La belleza es un concepto relativo. Su canon cambia con las épocas. Las tres Gracias de Rubens hoy producen perplejidad, pero lo cierto es que en su momento también crearon desconcierto. Son la antítesis del cuadro que Rafael Sanzio pintó ciento treinta años antes, lo cual revela que la belleza es una utopía puramente especulativa y no un hecho objetivo.

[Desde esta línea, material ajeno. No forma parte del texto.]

Lemma Cmod_coef_pow_le_tail (n j : nat) (r : R) :
  0 <= r < 1 -> (j <= n)%nat ->
  Cmod (d j) * r ^ j <= M + (PSeries (abs_coef d) r - sum_n (fun k => r ^ k * abs_coef d k) n).
Proof.
  intros Hr Hj.
  set (N := S n).
  set (G := fun l => (sum_n (fun m => (root_of_unity N ^ (l + (N - j))) ^ m)%C n : C)).
  set (a := fun l => (d l * r ^ l * G l)%C).
  set (A := (sum_n (fun m => root_of_unity N ^ ((N - j) * m) * psi (r * root_of_unity N ^ m))%C n
             : C)).
  set (K := PSeries (abs_coef d) r).
  set (P := (sum_n (fun k => r ^ k * abs_coef d k) n : R)).
  assert (HN : 0 < INR N) by (apply lt_0_INR; lia).
  assert (HGj : G j = RtoC (INR N)).
  { apply sum_n_pow_root_of_unity_divide. exists 1%nat. unfold N. lia. }
  assert (Hsum : sum_n a n = a j).
  { unfold a at 2. rewrite HGj.
    exact (sum_n_root_of_unity_filter (fun l => d l * r ^ l)%C n j Hj). }
  assert (Htail : is_series (fun k => a (N + k)%nat) (A - a j)%C).
  { pose proof (is_series_tail a A n (root_of_unity_average n j r Hr)) as H.
    change (is_series (fun k => a (N + k)%nat) (A - @sum_n C_AbelianMonoid a n)%C) in H.
    now rewrite Hsum in H. }
  assert (HK_tail : is_series (fun k => r ^ (N + k) * abs_coef d (N + k)) (K - P)).
  { apply (is_series_tail (fun k => r ^ k * abs_coef d k)), (is_pseries_abs_coef d psi Hd).
    rewrite Rabs_pos_eq; lra. }
  assert (Htail_le : Cmod (A - a j)%C <= INR N * (K - P)).
  { apply (Cmod_is_series_le _ _ _ _ Htail (is_series_scal (INR N) _ _ HK_tail)). intros k.
    change (Cmod (a (N + k)%nat) <= INR N * (r ^ (N + k) * Cmod (d (N + k)%nat))).
    unfold a. rewrite !Cmod_mult, <- RtoC_pow, Cmod_R, Rabs_pos_eq by (apply pow_le; lra).
    replace (INR N * (r ^ (N + k) * Cmod (d (N + k)%nat)))
      with (Cmod (d (N + k)%nat) * r ^ (N + k) * INR N) by ring.
    apply Rmult_le_compat_l; [|apply Cmod_sum_n_pow_root_of_unity_le].
    apply Rmult_le_pos; [apply Cmod_ge_0|apply pow_le; lra]. }
  pose proof (Cmod_root_of_unity_average_le n j r Hr) as HA_le. fold N A in HA_le.
  assert (Haj : Cmod (a j) = INR N * (Cmod (d j) * r ^ j)).
  { unfold a. rewrite HGj, !Cmod_mult, <- RtoC_pow, !Cmod_R, !Rabs_pos_eq
      by (lra || (apply pow_le; lra)).
    ring. }
  assert (Htri : Cmod (a j) <= Cmod A + Cmod (A - a j)%C).
  { replace (a j) with (A - (A - a j))%C at 1 by ring.
    eapply Rle_trans; [apply Cmod_triangle|]. now rewrite Cmod_opp. }
  apply (Rmult_le_reg_l (INR N) _ _ HN). nra.
Qed.

Lemma Cmod_coef_pow_le (j : nat) (r : R) : 0 <= r < 1 -> Cmod (d j) * r ^ j <= M.
Proof.
  intros Hr. apply Rle_plus_epsilon. intros eps Heps.
  assert (HK : is_lim_seq (sum_n (fun k => r ^ k * abs_coef d k)) (PSeries (abs_coef d) r)).
  { apply (is_pseries_abs_coef d psi Hd). rewrite Rabs_pos_eq; lra. }
  apply is_lim_seq_spec in HK. destruct (HK (mkposreal eps Heps)) as [N0 HN0].
  specialize (HN0 (max N0 j) (Nat.le_max_l _ _)). simpl in HN0.
  pose proof (Cmod_coef_pow_le_tail (max N0 j) j r Hr (Nat.le_max_r _ _)).
  apply Rabs_lt_between in HN0. lra.
Qed.

Lemma Cmod_coef_le (j : nat) : Cmod (d j) <= M.
Proof.
  apply (le_of_forall_mul_pow_le _ _ j (Cmod_ge_0 _)). apply Cmod_coef_pow_le.
Qed.

End CauchyEstimate.

Definition log_partial_sum (N : nat) (r : R) : R := sum_n (fun m => r ^ S m / INR (S m)) N.

Lemma log_partial_sum_le (N : nat) (r : R) : 0 <= r < 1 -> log_partial_sum N r <= - ln (1 - r).
Proof.
  intros Hr.
  set (h := fun x => - ln (1 - x) - log_partial_sum N x).
  set (dh := fun x => / (1 - x) - sum_n (fun m => x ^ m) N).
  assert (Hd : forall x, x < 1 -> is_derive h x (dh x)).
  { intros x Hx. apply (is_derive_minus (fun x => - ln (1 - x)) (log_partial_sum N)).
    - auto_derive; [lra|]. field. lra.
    - apply (is_derive_sum_n (fun m y => y ^ (S m) / INR (S m))). intros k _.
      auto_derive; [auto|].
      change (match k with 0%nat => 1 | S _ => INR k + 1 end) with (INR (S k)).
      field. apply not_0_INR. lia. }
  assert (Hh0 : h 0 = 0).
  { unfold h, log_partial_sum. rewrite Rminus_0_r, ln_1, (sum_n_ext _ (fun _ => 0)).
    - rewrite sum_n_const. ring.
    - intros m. simpl. unfold Rdiv. ring. }
  destruct (Req_dec r 0) as [->|Hr0]; [unfold h in Hh0; lra|].
  destruct (MVT_gen h 0 r dh) as [x [Hx Hmvt]].
  - intros x Hx. rewrite Rmin_left, Rmax_right in Hx by lra. apply Hd. lra.
  - intros x Hx. rewrite Rmin_left, Rmax_right in Hx by lra.
    apply continuity_pt_filterlim, (ex_derive_continuous h). exists (dh x). apply Hd. lra.
  - rewrite Rmin_left, Rmax_right in Hx by lra.
    assert (Hdh : 0 <= dh x).
    { unfold dh. rewrite sum_n_Reals, tech3 by lra.
      replace (/ (1 - x) - (1 - x ^ S N) / (1 - x)) with (x ^ S N / (1 - x)) by (field; lra).
      apply Rdiv_le_0_compat; [apply pow_le|]; lra. }
    assert (0 <= dh x * (r - 0)) by (apply Rmult_le_pos; lra).
    unfold h in *. lra.
Qed.
(* Let $p\in(0,1)$, $x>2$, and let $(\xi_n)_{n\geq1}$ be i.i.d. with $\mathbf{P}(\xi_1=1)=p=1-\mathbf{P}(\xi_1=-1)$. Set $W_0:=x$, $B_1:=1$, $W_n:=W_{n-1}+\xi_nB_n$, $B_{n+1}:=B_n2^{\xi_n}$ for $n\geq1$, $f(x,p):=\mathbf{P}(W_n\leq0\text{ for some }n)$, $S_0:=0$, $S_n:=\sum_{i=1}^n\xi_i$, and $$S:=\sum_{n=1}^\infty\mathbf{1}_{\{\xi_n=1\}}2^{S_{n-1}}\in[0,\infty].$$ Then $f(x,p)=\mathbf{P}(S>x-2)$. *)

From HB Require Import structures.
From mathcomp Require Import all_boot all_order all_algebra.
From mathcomp Require Import all_classical all_reals all_analysis.
Set Implicit Arguments. Unset Strict Implicit. Unset Printing Implicit Defensive.
Import Order.TTheory GRing.Theory Num.Theory.
Local Open Scope classical_set_scope.
Local Open Scope ring_scope.

Section Defs.
Context (d : measure_display) (T : measurableType d) (R : realType).

(* Mutual independence of the sequence (X_n)_{n>=1}: for every n and all
   Borel sets A_1..A_n, P(X_1 in A_1, ..., X_n in A_n) = prod P(X_i in A_i).
   (Taking A_i = setT this covers every finite subfamily.) *)
Definition indep_seq (P : probability T R) (X : nat -> T -> R) : Prop :=
  forall (n : nat) (A : nat -> set R), (forall i, measurable (A i)) ->
    P (\big[setI/setT]_(1 <= i < n.+1) (X i @^-1` A i)) =
    (\prod_(1 <= i < n.+1) P (X i @^-1` A i))%E.

(* B_1 = 1, B_{n+1} = B_n 2^{xi_n} (B_0 is an unused dummy value 1). *)
Fixpoint bet (xi : nat -> T -> R) (n : nat) (t : T) : R :=
  match n with
  | 0 => 1
  | m.+1 => match m with
            | 0 => 1
            | _ => bet xi m t * (2 `^ (xi m t))
            end
  end.

Fixpoint wealth (x : R) (xi : nat -> T -> R) (n : nat) (t : T) : R :=
  match n with
  | 0 => x
  | m.+1 => wealth x xi m t + xi m.+1 t * bet xi m.+1 t
  end.

Definition psum (xi : nat -> T -> R) (n : nat) (t : T) : R :=
  \sum_(1 <= i < n.+1) xi i t.

Definition Ssum (xi : nat -> T -> R) (t : T) : \bar R :=
  (\sum_(1 <= n <oo) ((if xi n t == 1 then 1 else 0) * 2 `^ (psum xi n.-1 t))%:E)%E.

End Defs.

From HB Require Import structures.
From mathcomp Require Import all_boot all_order all_algebra.
From mathcomp Require Import all_classical all_reals all_analysis.
From mathcomp Require Import measurable_realfun zify ring lra.
Set Implicit Arguments.
Unset Strict Implicit.
Unset Printing Implicit Defensive.
Import Order.TTheory GRing.Theory Num.Theory.
Local Open Scope classical_set_scope.
Local Open Scope ring_scope.

(* Let A_n ([Spsum]) be the n-th partial sum of S and recall B_(n+1) = 2^(S_n).
   As long as every xi_i is +-1, W_n = x - 2 - A_n + 2 B_(n+1): a win raises
   W and A by B_n and doubles B, a loss lowers W by B_n and halves B.  Hence
   ruin forces A_n > x - 2, so S > x - 2.  Conversely the pattern (+1, -1, -1)
   on steps m+1, m+2, m+3 gives W_(m+3) = x - 2 - A_m, so once A_n > x - 2 any
   later occurrence of the pattern ruins the gambler.  Almost surely every xi_i
   is +-1 and the pattern occurs in infinitely many of the blocks
   {3k+1, 3k+2, 3k+3}, which are independent and each carry it with
   probability p(1-p)^2; so the two events differ by a null set. *)

Lemma measure_ae_eq d (T : measurableType d) (R : realType)
    (mu : {measure set T -> \bar R}) (A B : set T) :
  measurable A -> measurable B -> (\forall t \ae mu, A t <-> B t) -> mu A = mu B.
Proof.
move=> mA mB [N [mN muN0 NAB]].
have AB t : ~ N t -> (A t <-> B t) by move=> Nt; apply: contrapT => /NAB.
have AB_off_N : A `\` N = B `\` N.
  by apply/seteqP; split=> t [Xt Nt]; split=> //; apply/(AB t Nt).
have null_in_N X : measurable X -> mu (X `&` N) = 0%E.
  by move=> mX; apply: subset_measure0 muN0 => //; apply: measurableI.
by rewrite (measureDI mu mA mN) (measureDI mu mB mN) /= AB_off_N !null_in_N.
Qed.

Lemma lee0_geometric (R : realType) (e : \bar R) (r : R) :
  `|r| < 1 -> (forall N, (e <= (r ^+ N)%:E)%E) -> (e <= 0)%E.
Proof.
move=> r_lt1 e_le; have geo0 : (r ^+ N)%:E @[N --> \oo] --> (0 : \bar R).
  by apply: cvg_EFin; [exact: nearW | exact: cvg_expr].
rewrite -(cvg_lim _ geo0) //; apply: lime_ge; [exact: cvgP geo0 | exact: nearW].
Qed.

Definition pattern d (T : measurableType d) (R : realType) (xi : nat -> T -> R)
    (m : nat) : set T :=
  [set t | [/\ xi m.+1 t = 1, xi m.+2 t = -1 & xi m.+3 t = -1]].

Section trajectory.
Context d (T : measurableType d) (R : realType) (xi : nat -> T -> R) (t : T).

Definition Sterm (n : nat) : R :=
  (if xi n t == 1 then 1 else 0) * 2 `^ psum xi n.-1 t.

Definition Spsum (n : nat) : R := \sum_(1 <= i < n.+1) Sterm i.
Lemma sumRB (I : finType) (F G : I -> R) :
  \big[Rplus/0]_i (F i - G i) = \big[Rplus/0]_i F i - \big[Rplus/0]_i G i.
Proof. by rewrite big_split /= /Rminus (big_morph _ Ropp_plus_distr Ropp_0). Qed.

Lemma sumR_eq0P (I : finType) (F : I -> R) :
  (forall i, 0 <= F i) -> \big[Rplus/0]_i F i = 0 -> forall i, F i = 0.
Proof.
move=> F_ge0 F0 i; apply: (@Num.Theory.psumr_eq0P R I xpredT) => // j _.
exact/RleP.
Qed.

Lemma big_tuple0 (T : Type) (idx : T) (op : Monoid.com_law idx) (A : finType)
    (F : 0.-tuple A -> T) :
  \big[op/idx]_(ws : 0.-tuple A) F ws = F [tuple].
Proof. by apply: big_pred1 => ws; apply/esym/eqP; exact: tuple0. Qed.

Lemma big_tupleS (T : Type) (idx : T) (op : Monoid.com_law idx) (A : finType) n
    (F : n.+1.-tuple A -> T) :
  \big[op/idx]_(ws : n.+1.-tuple A) F ws =
  \big[op/idx]_(v : A) \big[op/idx]_(ws : n.-tuple A) F [tuple of v :: ws].
Proof.
rewrite pair_big (reindex (fun p : A * n.-tuple A => [tuple of p.1 :: p.2])) //=.
exists (fun t => (thead t, [tuple of behead t])).
- by move=> [v ws] _; congr pair; apply: val_inj.
- by move=> t _; rewrite [RHS]tuple_eta.
Qed.

Lemma Un_cv_const (x : R) : Un_cv (fun=> x) x.
Proof. by move=> e e_gt0; exists 0%N => n _; rewrite /R_dist Rminus_diag Rabs_R0. Qed.
(* (Convergence of the one-dimensional Crank–Nicolson collocation scheme.) Consider the nonlocal problem $$\partial_t u(x,t)+\int_a^b\frac{u(x,t)-u(y,t)}{|x-y|^{\gamma}}\,dy=f(x,t),\qquad (x,t)\in(a,b)\times(0,T],$$ with $0<\gamma<1$, Dirichlet boundary values $u(a,t),u(b,t)$ and initial value $u(x,0)=u_0(x)$, and let $U^k\in\mathbb R^{2M-1}$, $k=0,\dots,N$, be the Crank–Nicolson collocation approximation defined in the context. Assume the exact solution $u$ is smooth enough that the truncation residual satisfies $|R^{k-1/2}_i|\le C_R(\tau^2+h^{4-\gamma})$ for all $i=1,\dots,2M-1$, $k=1,\dots,N$, with a constant $C_R$ independent of $\tau,h,i,k$. Then, with $C_a=\frac{2(b-a)^{1-\gamma}}{1-\gamma}$, $$\max_{1\le i\le 2M-1}\big|u(x_{i/2},t_k)-U^k_i\big|\le C_R\,T\,e^{TC_a}\,(\tau^2+h^{4-\gamma}),\qquad k=0,1,\dots,N;$$ that is, the error is $\mathcal O(\tau^2+h^{4-\gamma})$.
   Context: Fix real numbers $a<b$, an exponent $\gamma\in(0,1)$ and an integer $M\ge 2$. Set $h=(b-a)/M$ and $x_s=a+sh$ for $s\in\{0,\tfrac12,1,\tfrac32,\dots,M\}$. The piecewise quadratic Lagrange basis functions on $[a,b]$ are: for integers $0\le l\le M$, $\phi_l(x)=\frac{x-x_{l-1}}{h}\cdot\frac{2x-(x_l+x_{l-1})}{h}$ for $x\in[x_{l-1},x_l]\cap[a,b]$, $\phi_l(x)=\frac{x_{l+1}-x}{h}\cdot\frac{(x_{l+1}+x_l)-2x}{h}$ for $x\in[x_l,x_{l+1}]\cap[a,b]$, and $\phi_l(x)=0$ otherwise; and for $l=1,\dots,M$, $\phi_{l-\frac12}(x)=\frac{4(x-x_{l-1})(x_l-x)}{h^2}$ for $x\in[x_{l-1},x_l]$ and $0$ otherwise. For $i\in\{1,\dots,2M-1\}$ and $j\in\{0,1,\dots,2M\}$ define $$d_i=\int_a^b\frac{dy}{|x_{i/2}-y|^{\gamma}},\qquad g_{ij}=\int_a^b\frac{\phi_{j/2}(y)}{|x_{i/2}-y|^{\gamma}}\,dy .$$ The one-dimensional collocation matrix is the $(2M-1)\times(2M-1)$ matrix $\mathcal A$ with entries $A_{ij}=\delta_{ij}d_i-g_{ij}$, $i,j\in\{1,\dots,2M-1\}$. The following fact, established in earlier work, may be used: $g_{ij}>0$ for all $i,j\in\{1,\dots,2M-1\}$, and $\mathcal A$ is strictly diagonally dominant by rows. Time discretization: $T>0$, $N\ge1$, $\tau=T/N$, $t_k=k\tau$, $t_{k-1/2}=(t_{k-1}+t_k)/2$. The Crank–Nicolson collocation scheme: $U^0_i=u_0(x_{i/2})$, and for $k=1,\dots,N$, $$\Big(I+\frac{\tau}{2}\mathcal A\Big)U^k=\Big(I-\frac{\tau}{2}\mathcal A\Big)U^{k-1}+\tau F^{k-1/2}+\tau K^{k-1/2},$$ where $F^{k-1/2}_i=f(x_{i/2},t_{k-1/2})$ and $K^{k-1/2}_i=\tfrac12 g_{i,0}\big(u(a,t_{k-1})+u(a,t_k)\big)+\tfrac12 g_{i,2M}\big(u(b,t_{k-1})+u(b,t_k)\big)$ (boundary contributions). The truncation residual $R^{k-1/2}\in\mathbb R^{2M-1}$ is defined by inserting the exact nodal values $u^k=(u(x_{i/2},t_k))_{i=1}^{2M-1}$ into the scheme: $$\tau R^{k-1/2}=\Big(I+\frac{\tau}{2}\mathcal A\Big)u^k-\Big(I-\frac{\tau}{2}\mathcal A\Big)u^{k-1}-\tau F^{k-1/2}-\tau K^{k-1/2}.$$ *)

From Stdlib Require Import Reals Lra Lia.
Open Scope R_scope.

Definition mesh (a b : R) (M : nat) : R := (b - a) / INR M.
Definition xs (a b : R) (M : nat) (s : R) : R := a + s * mesh a b M.
Definition node (a b : R) (M : nat) (j : nat) : R := xs a b M (INR j / 2).

(* Piecewise quadratic Lagrange basis function phi_{j/2} on [a,b]. *)
Definition phi (a b : R) (M : nat) (j : nat) (y : R) : R :=
  let h := mesh a b M in
  if Nat.even j then
    let l := INR j / 2 in
    let xm := xs a b M (l - 1) in
    let x0 := xs a b M l in
    let xp := xs a b M (l + 1) in
    if Rle_dec a y then if Rle_dec y b then
      if Rle_dec xm y then if Rle_dec y x0 then
        ((y - xm) / h) * ((2 * y - (x0 + xm)) / h)
      else
      if Rle_dec x0 y then if Rle_dec y xp then
        ((xp - y) / h) * (((xp + x0) - 2 * y) / h)
      else 0 else 0
      else
      if Rle_dec x0 y then if Rle_dec y xp then
        ((xp - y) / h) * (((xp + x0) - 2 * y) / h)
      else 0 else 0
    else 0 else 0
  else
    let l := (INR j + 1) / 2 in
    let xm := xs a b M (l - 1) in
    let x0 := xs a b M l in
    if Rle_dec xm y then if Rle_dec y x0 then
      4 * (y - xm) * (x0 - y) / (h * h)
    else 0 else 0.

(* Improper Riemann integral of f over [a,b] with a (possible) singularity
   at an interior point c: I is the limit of
   int_a^{c-e1} f + int_{c+e2}^b f as e1, e2 -> 0+ independently. *)
Definition improper_int (f : R -> R) (a b c I : R) : Prop :=
  forall eps, 0 < eps -> exists delta, 0 < delta /\
    forall e1 e2, 0 < e1 < delta -> 0 < e2 < delta ->
      exists (pr1 : Riemann_integrable f a (c - e1))
             (pr2 : Riemann_integrable f (c + e2) b),
        Rabs (RiemannInt pr1 + RiemannInt pr2 - I) < eps.

Definition kern (gamma x y : R) : R := / Rpower (Rabs (x - y)) gamma.

Definition Amat (d : nat -> R) (g : nat -> nat -> R) (i j : nat) : R :=
  (if Nat.eqb i j then d i else 0) - g i j.

Definition Amul (M : nat) (d : nat -> R) (g : nat -> nat -> R)
  (v : nat -> R) (i : nat) : R :=
  sum_f 1 (2 * M - 1) (fun j => Amat d g i j * v j).

(* Subtracting the scheme from the definition of the residual shows that the error
   e^k = u^k - U^k obeys the same Crank-Nicolson recursion, forced by tau R^{k-1/2}.
   In a row where |e^k| is maximal, diagonal dominance lets the off-diagonal terms be
   absorbed by the diagonal ones, so max|e^k| <= (1 + tau A_ii) max|e^{k-1}| + tau max|R|.
   Here 0 <= A_ii because g_ii <= d_i (the basis functions are bounded by 1), and
   A_ii <= d_i <= C_a by integrating |x - y|^(-gamma) explicitly on both sides of x.
   A discrete Gronwall argument and (1 + tau C_a)^k <= e^(k tau C_a) conclude. *)

From Stdlib Require Import Reals Lra Lia.
From Coquelicot Require Import Coquelicot.
Open Scope R_scope.

Lemma is_derive_Rpower_shift (s c p y : R) : 0 < s * (y - c) ->
  is_derive (fun z => Rpower (s * (z - c)) p) y (s * (p * Rpower (s * (y - c)) (p - 1))).
Proof.
  intro Hpos. unfold Rpower. auto_derive; [lra|].
  replace ((p - 1) * ln (s * (y - c))) with (p * ln (s * (y - c)) + - ln (s * (y - c))) by ring.
  rewrite exp_plus, exp_Ropp, exp_ln by lra.
  replace (y + - c) with (y - c) by ring.
  field. split; intro E; rewrite E in Hpos; lra.
Qed.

En la mitología griega, las tres Gracias, asociadas a Afrodita y las flores de primavera, representaban el encanto, la gracia y la belleza. Maestras de la danza, el canto y la poesía, Hesíodo les atribuye “mejillas hermosas” y “ojos que encienden el deseo”. Ya en el siglo II d.C., Pausanias las relaciona con las estrellas fugaces, sugiriendo que lo increíblemente bello casi siempre es efímero.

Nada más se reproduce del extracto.